# EXTRACTED MATERIAL
Lemma qbr_expr_expand y : qbr abs q (x + y%:R) ^+ n * (- q) ^+ y =
  \sum_(k < n.+1) a k * (- q ^+ k.+1) ^+ y.
Proof.
rewrite /qbr qpowD ?abs_nat_le1 // qpow_nat exprMn exprDn !big_distrl /=.
apply: eq_bigr => k _; rewrite expr1n mul1r exprNn exprMn qpowMn // /a.
rewrite [(- q) ^+ y]exprNn [(- q ^+ k.+1) ^+ y]exprNn -!exprM mulSn exprD.
by rewrite -mulr_natr [(y * k)%N]mulnC; ring.
Qed.

Lemma fsumE N : fsum abs p q n x N = (1 + q) / (1 + q ^+ (p ^ N)) *
  \sum_(k < n.+1) a k * ((1 + (q ^+ (p ^ N)) ^+ k.+1) / (1 + q ^+ k.+1)).
Proof.
have pN_odd : odd (p ^ N) by rewrite oddX p_odd orbT.
have oddN t : (- t) ^+ (p ^ N) = - t ^+ (p ^ N).
  by rewrite exprNn -signr_odd pN_odd expr1 mulN1r.
rewrite /fsum /mqbr oddN opprK invf_div; congr (_ * _).
under eq_bigr => y _ do rewrite qbr_expr_expand.
rewrite exchange_big /=; apply: eq_bigr => k _.
rewrite -mulr_sumr geometric_sum ?opprK ?add1r_neq0 ?abs_exprq_sub1_lt1 //.
by rewrite oddN !opprK -exprM mulnC exprM.
Qed.

Lemma abs_fsum_sub_le N :
  abs (fsum abs p q n x N - (1 + q) * (1 - q)^-1 ^+ n *
    \sum_(k < n.+1) 'C(n, k)%:R * (-1) ^+ k * qpow abs q (x * k%:R) / (1 + q ^+ k.+1))
  <= abs (1 + q) * (\sum_(k < n.+1) abs (a k / (1 + q ^+ k.+1))) * abs (q ^+ (p ^ N) - 1).
Proof.
set T := q ^+ (p ^ N).
have T1 : abs (T - 1) < 1 by apply: abs_exprq_sub1_lt1.
have -> : fsum abs p q n x N - (1 + q) * (1 - q)^-1 ^+ n *
    \sum_(k < n.+1) 'C(n, k)%:R * (-1) ^+ k * qpow abs q (x * k%:R) / (1 + q ^+ k.+1) =
  (1 + q) * \sum_(k < n.+1) a k / (1 + q ^+ k.+1) * ((1 + T ^+ k.+1) / (1 + T) - 1).
  rewrite fsumE -/T -mulrA !mulr_sumr -sumrB.
  by apply: eq_bigr => k _; rewrite /a; ring.
rewrite absM -mulrA ler_wpM2l ?abs_ge0 //.
apply: le_trans (abs_sum_le_sum _ _ _) _; rewrite mulr_suml ler_sum // => k _.
rewrite absM ler_wpM2l ?abs_ge0 //.
have -> : (1 + T ^+ k.+1) / (1 + T) - 1 = T * (T ^+ k - 1) / (1 + T).
  by rewrite exprS; field; rewrite add1r_neq0.
rewrite !absM absV abs_1D // invr1 mulr1 abs_near1_eq1 // mul1r.
exact: abs_expr_sub1_le.
Qed.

# DIRECTIONS FOR THIS TASK
Across all the records, find the lines containing the word "oddN" and reproduce each one.

# THE COMPLETED TASK
have oddN t : (- t) ^+ (p ^ N) = - t ^+ (p ^ N).
rewrite /fsum /mqbr oddN opprK invf_div; congr (_ * _).
by rewrite oddN !opprK -exprM mulnC exprM.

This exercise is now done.